Filter the listing down to the lines containing the word "beta".

» EXERCISE DATA
● ● ● ●

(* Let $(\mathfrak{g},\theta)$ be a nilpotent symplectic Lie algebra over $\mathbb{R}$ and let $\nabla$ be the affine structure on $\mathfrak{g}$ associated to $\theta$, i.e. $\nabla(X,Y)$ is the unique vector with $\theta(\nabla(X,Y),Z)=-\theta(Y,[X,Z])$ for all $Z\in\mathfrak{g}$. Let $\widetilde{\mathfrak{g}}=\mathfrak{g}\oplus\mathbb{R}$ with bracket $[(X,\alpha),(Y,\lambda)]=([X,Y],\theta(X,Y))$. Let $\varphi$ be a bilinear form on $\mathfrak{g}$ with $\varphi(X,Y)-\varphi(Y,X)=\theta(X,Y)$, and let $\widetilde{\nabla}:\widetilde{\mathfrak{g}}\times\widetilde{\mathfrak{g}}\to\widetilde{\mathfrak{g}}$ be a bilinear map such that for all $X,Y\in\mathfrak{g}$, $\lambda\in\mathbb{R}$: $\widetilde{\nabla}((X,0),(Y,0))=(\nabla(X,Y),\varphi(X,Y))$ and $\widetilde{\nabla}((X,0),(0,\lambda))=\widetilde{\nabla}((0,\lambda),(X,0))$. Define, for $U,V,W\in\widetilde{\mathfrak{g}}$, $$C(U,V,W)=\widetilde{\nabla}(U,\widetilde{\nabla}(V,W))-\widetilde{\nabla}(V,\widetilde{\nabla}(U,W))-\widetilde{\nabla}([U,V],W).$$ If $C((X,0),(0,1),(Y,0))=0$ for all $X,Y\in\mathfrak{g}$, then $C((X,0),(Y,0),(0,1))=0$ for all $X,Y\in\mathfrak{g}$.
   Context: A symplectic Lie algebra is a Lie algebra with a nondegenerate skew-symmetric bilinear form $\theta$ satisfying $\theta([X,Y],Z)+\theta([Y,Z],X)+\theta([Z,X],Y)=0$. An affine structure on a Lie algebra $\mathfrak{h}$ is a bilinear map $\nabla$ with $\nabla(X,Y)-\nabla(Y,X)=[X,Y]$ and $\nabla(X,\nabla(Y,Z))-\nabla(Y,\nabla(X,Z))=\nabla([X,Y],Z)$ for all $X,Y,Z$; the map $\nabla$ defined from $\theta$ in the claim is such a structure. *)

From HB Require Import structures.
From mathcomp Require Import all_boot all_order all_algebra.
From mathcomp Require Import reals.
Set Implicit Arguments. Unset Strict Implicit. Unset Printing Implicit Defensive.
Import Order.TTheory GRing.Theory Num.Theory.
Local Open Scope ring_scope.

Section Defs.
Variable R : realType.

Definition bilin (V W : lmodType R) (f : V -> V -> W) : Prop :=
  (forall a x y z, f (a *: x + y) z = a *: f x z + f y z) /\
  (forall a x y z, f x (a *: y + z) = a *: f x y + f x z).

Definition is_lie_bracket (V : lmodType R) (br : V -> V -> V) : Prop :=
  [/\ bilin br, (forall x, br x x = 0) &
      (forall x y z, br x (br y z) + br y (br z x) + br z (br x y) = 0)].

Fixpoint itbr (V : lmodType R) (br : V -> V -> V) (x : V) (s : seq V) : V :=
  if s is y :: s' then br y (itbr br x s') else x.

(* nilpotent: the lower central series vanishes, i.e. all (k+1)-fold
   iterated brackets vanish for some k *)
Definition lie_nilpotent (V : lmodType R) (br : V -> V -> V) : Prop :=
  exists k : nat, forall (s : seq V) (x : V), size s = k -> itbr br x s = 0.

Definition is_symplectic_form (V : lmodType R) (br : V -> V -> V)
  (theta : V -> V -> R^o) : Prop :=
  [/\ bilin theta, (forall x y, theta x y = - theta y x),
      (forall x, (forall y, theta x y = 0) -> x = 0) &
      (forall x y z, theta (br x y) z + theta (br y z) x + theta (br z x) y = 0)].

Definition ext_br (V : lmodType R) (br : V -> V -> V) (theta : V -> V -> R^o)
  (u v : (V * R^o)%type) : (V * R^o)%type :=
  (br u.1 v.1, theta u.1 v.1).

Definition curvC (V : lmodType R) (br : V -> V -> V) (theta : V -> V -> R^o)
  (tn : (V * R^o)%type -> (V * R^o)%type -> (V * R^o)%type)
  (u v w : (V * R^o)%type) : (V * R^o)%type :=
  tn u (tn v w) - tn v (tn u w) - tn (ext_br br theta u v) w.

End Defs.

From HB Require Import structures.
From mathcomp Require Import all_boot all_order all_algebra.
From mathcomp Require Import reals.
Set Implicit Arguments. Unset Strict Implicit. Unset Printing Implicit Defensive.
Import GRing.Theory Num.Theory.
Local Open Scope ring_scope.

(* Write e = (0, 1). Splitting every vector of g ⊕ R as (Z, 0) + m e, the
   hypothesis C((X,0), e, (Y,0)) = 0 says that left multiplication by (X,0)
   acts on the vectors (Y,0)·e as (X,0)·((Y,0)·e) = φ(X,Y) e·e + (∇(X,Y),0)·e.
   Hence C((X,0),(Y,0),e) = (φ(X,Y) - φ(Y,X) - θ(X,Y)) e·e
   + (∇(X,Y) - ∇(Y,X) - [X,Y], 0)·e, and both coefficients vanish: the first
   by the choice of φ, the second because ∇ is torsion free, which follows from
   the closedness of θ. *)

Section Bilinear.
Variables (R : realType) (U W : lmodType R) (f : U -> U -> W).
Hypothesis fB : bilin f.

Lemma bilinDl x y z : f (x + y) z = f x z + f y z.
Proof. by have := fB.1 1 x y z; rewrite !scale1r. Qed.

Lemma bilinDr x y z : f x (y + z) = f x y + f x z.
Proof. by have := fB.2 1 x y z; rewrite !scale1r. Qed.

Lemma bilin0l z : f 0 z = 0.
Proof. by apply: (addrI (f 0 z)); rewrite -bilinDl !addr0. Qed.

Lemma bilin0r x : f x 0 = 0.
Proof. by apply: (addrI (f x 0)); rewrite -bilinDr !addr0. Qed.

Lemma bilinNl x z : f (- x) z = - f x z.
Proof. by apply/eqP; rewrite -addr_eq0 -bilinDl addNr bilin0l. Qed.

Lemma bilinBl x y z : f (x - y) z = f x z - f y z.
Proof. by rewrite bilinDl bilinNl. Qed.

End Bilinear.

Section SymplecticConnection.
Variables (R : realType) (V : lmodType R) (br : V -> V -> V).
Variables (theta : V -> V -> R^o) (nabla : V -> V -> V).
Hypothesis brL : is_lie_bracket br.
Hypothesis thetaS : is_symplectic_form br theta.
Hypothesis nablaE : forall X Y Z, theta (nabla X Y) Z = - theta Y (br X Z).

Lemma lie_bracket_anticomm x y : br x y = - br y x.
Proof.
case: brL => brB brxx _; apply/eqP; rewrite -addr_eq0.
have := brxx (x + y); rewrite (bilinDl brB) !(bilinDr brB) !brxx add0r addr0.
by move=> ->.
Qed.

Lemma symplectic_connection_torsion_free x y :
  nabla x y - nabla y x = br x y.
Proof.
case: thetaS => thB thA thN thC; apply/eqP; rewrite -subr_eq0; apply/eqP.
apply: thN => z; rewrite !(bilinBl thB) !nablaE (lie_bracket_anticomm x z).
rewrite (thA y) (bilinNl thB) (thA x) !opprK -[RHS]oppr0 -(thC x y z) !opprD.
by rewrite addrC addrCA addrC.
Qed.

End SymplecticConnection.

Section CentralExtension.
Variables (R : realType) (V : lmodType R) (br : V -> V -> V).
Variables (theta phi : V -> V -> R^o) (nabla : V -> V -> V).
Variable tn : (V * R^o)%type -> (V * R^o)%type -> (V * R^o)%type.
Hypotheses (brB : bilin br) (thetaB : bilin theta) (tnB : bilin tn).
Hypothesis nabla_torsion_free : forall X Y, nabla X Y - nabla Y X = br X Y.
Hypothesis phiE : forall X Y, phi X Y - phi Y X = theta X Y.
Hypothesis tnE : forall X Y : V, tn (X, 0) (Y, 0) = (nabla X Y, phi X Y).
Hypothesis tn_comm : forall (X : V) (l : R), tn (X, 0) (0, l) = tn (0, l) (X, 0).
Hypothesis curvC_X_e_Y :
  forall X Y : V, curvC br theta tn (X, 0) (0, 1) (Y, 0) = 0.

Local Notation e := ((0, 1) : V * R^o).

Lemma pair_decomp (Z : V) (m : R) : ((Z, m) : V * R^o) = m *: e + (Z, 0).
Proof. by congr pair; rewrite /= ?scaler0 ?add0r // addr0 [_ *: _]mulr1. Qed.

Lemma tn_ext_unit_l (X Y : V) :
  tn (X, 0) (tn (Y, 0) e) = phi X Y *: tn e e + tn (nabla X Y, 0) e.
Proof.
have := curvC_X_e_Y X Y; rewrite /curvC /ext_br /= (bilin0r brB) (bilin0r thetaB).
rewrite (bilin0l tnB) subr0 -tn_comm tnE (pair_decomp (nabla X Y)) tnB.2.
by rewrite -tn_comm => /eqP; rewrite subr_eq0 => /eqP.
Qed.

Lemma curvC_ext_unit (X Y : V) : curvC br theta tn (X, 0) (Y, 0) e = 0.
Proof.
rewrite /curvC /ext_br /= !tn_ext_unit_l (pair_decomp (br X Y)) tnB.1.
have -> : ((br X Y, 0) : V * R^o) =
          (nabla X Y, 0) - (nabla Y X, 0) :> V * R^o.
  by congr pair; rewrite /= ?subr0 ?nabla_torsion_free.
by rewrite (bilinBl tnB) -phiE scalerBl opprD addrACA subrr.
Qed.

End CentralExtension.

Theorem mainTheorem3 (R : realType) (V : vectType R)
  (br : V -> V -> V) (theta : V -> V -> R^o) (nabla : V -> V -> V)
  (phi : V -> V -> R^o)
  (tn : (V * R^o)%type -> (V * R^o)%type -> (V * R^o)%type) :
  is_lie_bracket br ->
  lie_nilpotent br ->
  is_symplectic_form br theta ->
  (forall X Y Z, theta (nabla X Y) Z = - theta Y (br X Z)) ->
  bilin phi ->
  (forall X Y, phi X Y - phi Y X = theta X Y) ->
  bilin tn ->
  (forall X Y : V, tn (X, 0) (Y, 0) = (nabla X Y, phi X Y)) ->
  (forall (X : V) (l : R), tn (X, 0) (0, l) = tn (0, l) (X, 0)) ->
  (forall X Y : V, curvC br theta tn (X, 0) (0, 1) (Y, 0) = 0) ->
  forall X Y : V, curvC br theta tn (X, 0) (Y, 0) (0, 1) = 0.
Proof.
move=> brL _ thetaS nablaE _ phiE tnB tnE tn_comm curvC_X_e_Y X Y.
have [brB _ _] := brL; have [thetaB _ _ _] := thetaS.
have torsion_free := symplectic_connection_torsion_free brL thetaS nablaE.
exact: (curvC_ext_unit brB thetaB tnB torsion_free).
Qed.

● ● ● ●

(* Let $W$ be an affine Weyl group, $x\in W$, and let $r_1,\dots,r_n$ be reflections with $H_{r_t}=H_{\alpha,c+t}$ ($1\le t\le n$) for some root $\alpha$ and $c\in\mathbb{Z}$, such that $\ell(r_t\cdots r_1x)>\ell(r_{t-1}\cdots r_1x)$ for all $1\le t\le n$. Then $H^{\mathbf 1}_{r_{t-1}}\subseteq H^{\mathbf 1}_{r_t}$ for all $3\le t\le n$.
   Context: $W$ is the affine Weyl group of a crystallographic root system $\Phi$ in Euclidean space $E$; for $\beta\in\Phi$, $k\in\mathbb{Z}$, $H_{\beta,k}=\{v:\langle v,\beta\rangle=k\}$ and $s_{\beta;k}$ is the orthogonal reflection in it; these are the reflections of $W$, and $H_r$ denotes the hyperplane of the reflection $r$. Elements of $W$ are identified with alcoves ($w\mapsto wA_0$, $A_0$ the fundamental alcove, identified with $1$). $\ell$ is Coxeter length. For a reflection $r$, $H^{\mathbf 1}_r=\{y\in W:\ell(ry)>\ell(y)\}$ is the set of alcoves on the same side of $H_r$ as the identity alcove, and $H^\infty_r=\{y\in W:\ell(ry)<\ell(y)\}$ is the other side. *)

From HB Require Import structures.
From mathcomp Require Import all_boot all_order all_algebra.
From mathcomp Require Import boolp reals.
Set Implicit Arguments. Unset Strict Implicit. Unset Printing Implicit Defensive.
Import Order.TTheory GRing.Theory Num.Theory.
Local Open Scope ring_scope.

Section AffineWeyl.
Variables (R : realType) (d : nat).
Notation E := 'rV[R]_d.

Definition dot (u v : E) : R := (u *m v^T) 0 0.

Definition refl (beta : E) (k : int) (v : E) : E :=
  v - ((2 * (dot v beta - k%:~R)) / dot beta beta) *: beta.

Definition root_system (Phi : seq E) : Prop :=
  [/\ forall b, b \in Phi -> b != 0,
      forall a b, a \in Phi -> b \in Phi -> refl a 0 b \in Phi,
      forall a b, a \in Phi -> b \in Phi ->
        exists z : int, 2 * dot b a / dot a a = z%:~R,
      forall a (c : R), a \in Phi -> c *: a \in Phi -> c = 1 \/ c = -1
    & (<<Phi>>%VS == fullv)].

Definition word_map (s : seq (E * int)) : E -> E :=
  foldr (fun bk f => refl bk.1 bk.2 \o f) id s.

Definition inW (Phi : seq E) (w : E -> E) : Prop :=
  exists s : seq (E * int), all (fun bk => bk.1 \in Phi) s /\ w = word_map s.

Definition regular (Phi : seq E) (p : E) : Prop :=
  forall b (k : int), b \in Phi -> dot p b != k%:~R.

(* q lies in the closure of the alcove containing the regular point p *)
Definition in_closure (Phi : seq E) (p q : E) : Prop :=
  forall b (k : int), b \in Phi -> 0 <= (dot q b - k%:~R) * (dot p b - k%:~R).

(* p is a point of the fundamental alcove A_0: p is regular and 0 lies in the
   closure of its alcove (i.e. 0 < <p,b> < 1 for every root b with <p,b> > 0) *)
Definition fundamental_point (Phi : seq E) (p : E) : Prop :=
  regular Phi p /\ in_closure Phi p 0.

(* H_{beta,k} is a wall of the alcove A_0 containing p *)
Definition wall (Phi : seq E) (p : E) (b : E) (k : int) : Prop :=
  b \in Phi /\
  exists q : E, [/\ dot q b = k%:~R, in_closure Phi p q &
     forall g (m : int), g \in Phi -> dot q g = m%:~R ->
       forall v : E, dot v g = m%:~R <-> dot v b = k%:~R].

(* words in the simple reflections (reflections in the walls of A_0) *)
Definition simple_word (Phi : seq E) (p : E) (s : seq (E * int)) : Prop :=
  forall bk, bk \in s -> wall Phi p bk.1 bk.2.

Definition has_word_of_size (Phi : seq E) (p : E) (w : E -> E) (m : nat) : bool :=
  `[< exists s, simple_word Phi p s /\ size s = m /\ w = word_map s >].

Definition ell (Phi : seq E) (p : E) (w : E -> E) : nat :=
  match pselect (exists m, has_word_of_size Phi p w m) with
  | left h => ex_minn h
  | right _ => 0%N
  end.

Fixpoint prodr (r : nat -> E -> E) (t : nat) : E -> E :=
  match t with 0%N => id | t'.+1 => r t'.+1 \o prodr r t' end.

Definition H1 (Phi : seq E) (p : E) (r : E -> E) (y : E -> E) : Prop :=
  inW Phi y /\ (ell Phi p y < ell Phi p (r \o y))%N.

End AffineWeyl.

● ● ● ●

» EXERCISE OUTPUT
   Context: $W$ is the affine Weyl group of a crystallographic root system $\Phi$ in Euclidean space $E$; for $\beta\in\Phi$, $k\in\mathbb{Z}$, $H_{\beta,k}=\{v:\langle v,\beta\rangle=k\}$ and $s_{\beta;k}$ is the orthogonal reflection in it; these are the reflections of $W$, and $H_r$ denotes the hyperplane of the reflection $r$. Elements of $W$ are identified with alcoves ($w\mapsto wA_0$, $A_0$ the fundamental alcove, identified with $1$). $\ell$ is Coxeter length. For a reflection $r$, $H^{\mathbf 1}_r=\{y\in W:\ell(ry)>\ell(y)\}$ is the set of alcoves on the same side of $H_r$ as the identity alcove, and $H^\infty_r=\{y\in W:\ell(ry)<\ell(y)\}$ is the other side. *)
Definition refl (beta : E) (k : int) (v : E) : E :=
  v - ((2 * (dot v beta - k%:~R)) / dot beta beta) *: beta.
(* H_{beta,k} is a wall of the alcove A_0 containing p *)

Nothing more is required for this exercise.